Thank you for posting this, both for the support against his disagreeable position and for the reminder that engaging with people isn't always the best option. Sometimes I start by wanting to make sure that an abhorrent viewpoint has at least a visible reply, so that any readers don't see the comment as evidence of a community consensus. But that leads to me getting emotionally invested in an argument, trying to address whatever tangential non-arguments get pulled back in.
Partly, the interface of Hacker News or any vote-based commenting system makes it hard to track comments overall. I can look up comment trees relative to my own posts, but that doesn't show me that the user "ilovepitchdecks" has been arguing along the same lines with multiple other people in sibling comments. Their viewpoint isn't in any way a community consensus, and is being soundly addressed by the community, but that wasn't readily visible just from one thread.
All in all, a bit of a ramble, but I wanted to say thank you for posting this and that sometimes I need to just downvote and move on.
Well, your motivation is my motivation too, we just happen to have a different idea of what is 'abhorrent'. I'm just tired of seeing these kinds of political comments go unchallenged. It was my interest in tech that made me come on HN (I don't know about you) and I didn't expect to see so much one-sided political rhetoric here.
Who exactly is part of this 'community' you speak of? This site is on the public internet and open for anyone to join. I don't remember being asked to accept some political ideology when registering.

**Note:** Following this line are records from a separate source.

Section PullbackMarkings.
Variables (E Act S : choiceType) (Chosen : lposet E Act -> Prop).
Variables (A B C P : lposet E Act) (f g p1 p2 : E -> E).
Hypothesis HChosen : skeleton Chosen.
Hypothesis pb : is_pullback_O Chosen A B C P f g p1 p2.

Let lposetA : is_lposet A.
Proof. by case: HChosen pb => lp _ _ [[cA _] _ _ _]; apply: lp. Qed.
Let lposetB : is_lposet B.
Proof. by case: HChosen pb => lp _ _ [[_ [cB _]] _ _ _]; apply: lp. Qed.
Let lposetC : is_lposet C.
Proof. by case: HChosen pb => lp _ _ [[_ [_ [cC _]]] _ _ _]; apply: lp. Qed.
Let f_emb : is_embedding A C f. Proof. by case: pb => _ []. Qed.
Let g_emb : is_embedding B C g. Proof. by case: pb => _ [_ []]. Qed.
Let p1_emb : is_embedding P A p1. Proof. by case: pb => _ [_ [_ []]]. Qed.
Let p2_emb : is_embedding P B p2. Proof. by case: pb => _ [_ [_ [_]]]. Qed.
Let comm : {in ev P, forall x, f (p1 x) = g (p2 x)}. Proof. by case: pb. Qed.

Lemma Mmap_pullback_comm (c : marking E Act S) :
  Mobj P c -> Mmap C f (Mmap A p1 c) = Mmap C g (Mmap B p2 c).
Proof.
move=> c_P; rewrite (Mmap_comp lposetA lposetC p1_emb.1 f_emb.1 c_P).
rewrite (Mmap_comp lposetB lposetC p2_emb.1 g_emb.1 c_P).
exact: eq_in_Mmap comm c_P.
Qed.
(* Since V is a subset of S^1 homeomorphic to S^1, it is all of S^1.  Write [D u t] for the dV-distance from
   u to the point at counterclockwise distance t.  By cyclicity, for
   0 < t1 < t2 < gamma_1(u) there are edges u -> (u + t1) -> (u + t2), so the
   metric condition makes [D u] strictly increasing on [0, gamma_1(u)]; it is
   continuous, vanishes at 0 and is at least r at gamma_1(u).  Hence
   g_r(u) = u + T(u) for the unique hitting time T(u) of level r.  Continuity of
   dV and of gamma_1 in u, together with strict monotonicity, give lower and
   upper semicontinuity of T, hence continuity of g_r. *)

Lemma frac_part_eq x y n : 0 <= y < 1 -> x = IZR n + y -> frac_part x = y.
Proof. intros Hy Hx. symmetry. exact (proj2 (Int_part_frac_part_spec x n y Hy Hx)). Qed.

Lemma frac_part_bounds x : 0 <= frac_part x < 1.
Proof. destruct (base_fp x). lra. Qed.

Lemma frac_part_add_int x n : frac_part (x + IZR n) = frac_part x.
Proof.
  apply (frac_part_eq _ _ (Int_part x + n)); [apply frac_part_bounds|].
  rewrite plus_IZR. pose proof (Rplus_Int_part_frac_part x). lra.
Qed.

Lemma frac_part_id x : 0 <= x < 1 -> frac_part x = x.
Proof. intros Hx. apply (frac_part_eq _ _ 0); [exact Hx | simpl; ring]. Qed.

Lemma dS1_bounds x y : 0 <= dS1 x y < 1.
Proof. apply frac_part_bounds. Qed.

Lemma dS1_shift_int x y x' y' n : y' - x' = y - x + IZR n -> dS1 x' y' = dS1 x y.
Proof. intros H. unfold dS1. rewrite H. apply frac_part_add_int. Qed.

Lemma dS1_self x : dS1 x x = 0.
Proof. unfold dS1. rewrite Rminus_diag. apply fp_R0. Qed.

Definition ccw_point (u t : R) : R := frac_part (u + t).

Lemma ccw_point_inS1 u t : inS1 (ccw_point u t).
Proof. apply frac_part_bounds. Qed.

Lemma ccw_point_int_part u t : ccw_point u t = u + t - IZR (Int_part (u + t)).
Proof. unfold ccw_point. pose proof (Rplus_Int_part_frac_part (u + t)). lra. Qed.

Lemma ccw_point_0 u : inS1 u -> ccw_point u 0 = u.
Proof. intros Hu. unfold ccw_point. rewrite Rplus_0_r. now apply frac_part_id. Qed.

Lemma ccw_point_add_int u t n : ccw_point u (t + IZR n) = ccw_point u t.
Proof. unfold ccw_point. rewrite <- Rplus_assoc. apply frac_part_add_int. Qed.

Lemma dS1_ccw_point u s t : 0 <= t - s < 1 ->
  dS1 (ccw_point u s) (ccw_point u t) = t - s.
Proof.
  intros Hst. rewrite <- (frac_part_id (t - s)) by exact Hst.
  apply (dS1_shift_int _ _ _ _ (Int_part (u + s) - Int_part (u + t))).
  rewrite !ccw_point_int_part, minus_IZR. ring.
Qed.

Lemma dS1_to_ccw_point u t : inS1 u -> 0 <= t < 1 -> dS1 u (ccw_point u t) = t.
Proof.
  intros Hu Ht. rewrite <- (ccw_point_0 u Hu) at 1. rewrite dS1_ccw_point; lra.
Qed.

Lemma ccw_point_dS1 u w : inS1 w -> ccw_point u (dS1 u w) = w.
Proof.
  intros Hw. unfold dS1. rewrite <- (frac_part_id w) at 2 by exact Hw.
  unfold ccw_point. rewrite <- (frac_part_add_int (u + frac_part (w - u)) (Int_part (w - u))).
  f_equal. pose proof (Rplus_Int_part_frac_part (w - u)). lra.
Qed.

Lemma dS1_inj p a b : inS1 a -> inS1 b -> dS1 p a = dS1 p b -> a = b.
Proof.
  intros Ha Hb Hab. rewrite <- (ccw_point_dS1 p a Ha), <- (ccw_point_dS1 p b Hb).
  now rewrite Hab.
Qed.

Lemma dS1_pos p y : inS1 p -> inS1 y -> y <> p -> 0 < dS1 p y.
Proof.
  intros Hp Hy Hyp. destruct (dS1_bounds p y) as [[Hpos | Hzero] _]; [exact Hpos|].
  exfalso. apply Hyp, (dS1_inj p); [exact Hy | exact Hp |]. now rewrite dS1_self.
Qed.

Lemma dS1_add_dS1 x y : dS1 x y + dS1 y x = 0 \/ dS1 x y + dS1 y x = 1.
Proof.
  unfold dS1. pose proof (frac_part_bounds (y - x)). pose proof (frac_part_bounds (x - y)).
  pose proof (Rplus_Int_part_frac_part (y - x)). pose proof (Rplus_Int_part_frac_part (x - y)).
  set (k := (- (Int_part (y - x) + Int_part (x - y)))%Z).
  assert (Hk : frac_part (y - x) + frac_part (x - y) = IZR k)
    by (unfold k; rewrite opp_IZR, plus_IZR; lra).
  assert (Hk2 : (0 <= k < 2)%Z) by (split; [apply le_IZR | apply lt_IZR]; lra).
  destruct (Z.eq_dec k 0) as [-> | Hk1]; [left | right]; rewrite Hk; [reflexivity|].
  replace k with 1%Z by lia. reflexivity.
Qed.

And this is exactly the problem with consensus: There never is one. Just because nobody speaks up, doesn't mean everyone agrees with you. Nor should they. I have been to those kinds of meetings where the majority of people don't voice a dissenting opinion or, in fact, any opinion at all. To interpret silence as agreement is just bad faith.
In fact, your narrow definition of 'community' is elitist and closely mirrors its use in the mainstream press (such as in 'international community', which just means 'the West').
So, this is against my better judgment, but I'll try to give a bit more description. You sound earnest here, and heck, you remind me a bit of myself from 15 years ago. That said, I want to focus entirely on the meta argument. I don't think there's any use in going further on the argument itself. To caricature our positions, at the end of this conversation, you can still think of me as a liberal communist who wants to tax away all of John Galt's hard-earned money, and I can still think of you as an idealist libertarian who thinks their lottery ticket into capitalism will pay off. But hopefully we'll be able to have better conversations in the future.
Many of your arguments are insufficiently defined. You make a statement, and then force others to assume what you meant from it in order to have any further conversation. When people do, you instead say that there was a different intended interpretation. For example, in the thread between you and me, the ambiguity of what you meant by time and effort earning money. Or, in your thread with "teddyh", your ambiguity about what you would like done to government.
In other cases, you ask questions that have obvious follow-ups or obvious follow-ups. They don't function as rhetorical questions, because the obvious follow-up works against the point you are making. Instead, they come across with the impression that you are deliberately wasting somebody's time by requiring somebody else to give the bare background information on a topic. For example, when you ask "If there are indeed 'low-effort, high-income' jobs, why isn't everybody doing them?". To me, the obvious follow-up is that there are structural imbalances that allow access to those jobs only to subsets of the population. We can talk about what those structural imbalances are and how they manifest, but needing to first establish that different people have different opportunities available to them is one step removed. That is what makes people feel that you are arguing in bad faith, because it makes the argument be on something that had been taken as given when entering the conversation.
Another part is that it is just so damn hard to tell the difference between earnest people and trolls. I know people personally who have your views. Heck, I had pretty close to your views for a while after reading Terry Goodkind's "Faith of the Fallen". But this is also the internet, where I don't know people other than by the few words in an individual comment, or a single comment thread. And depending on how far off somebody's views are from the Overton window of any particular forum, they can easily be the troll positions taken in order to rile up a crowd for their own amusement. Some people become desensitized to these attempts, and then assume that anybody with those views is automatically a troll. (See also, Brandolini's Law.)
I do honestly hope that you are sincere, and that this helps you to better express and examine your views in the future. It's hard to have conversation in a text-only medium, both because it is asynchronous communication, and because it doesn't have the side channel information of tone or facial expressions. Hopefully in the future, we can have more productive conversations and both come away the better for them.
You're welcome. I chose to earmark my dissent precisely for the same reason you ch engaged. I'm pretty done with the "silent majority" argument, but otoh I cannot drown myself in every quicksand :)
I didn't know that meme; it's actually funny. What's wrong with asking people to put their money where their mouth is? I thought engineers are not like these managers/salesmen/'talkers' that say one thing on the TED stage, then go do something completely different IRL and find that A-OK.
Don't argue with me then - but you should at least explain how anything I've said was in bad faith if you accuse me of that.
While I entertained the idea of arguing with you, there is simply no point and I've come to the conclusion there are better uses for my time.
I'll just burn some points to point out how disagreeable I find your position.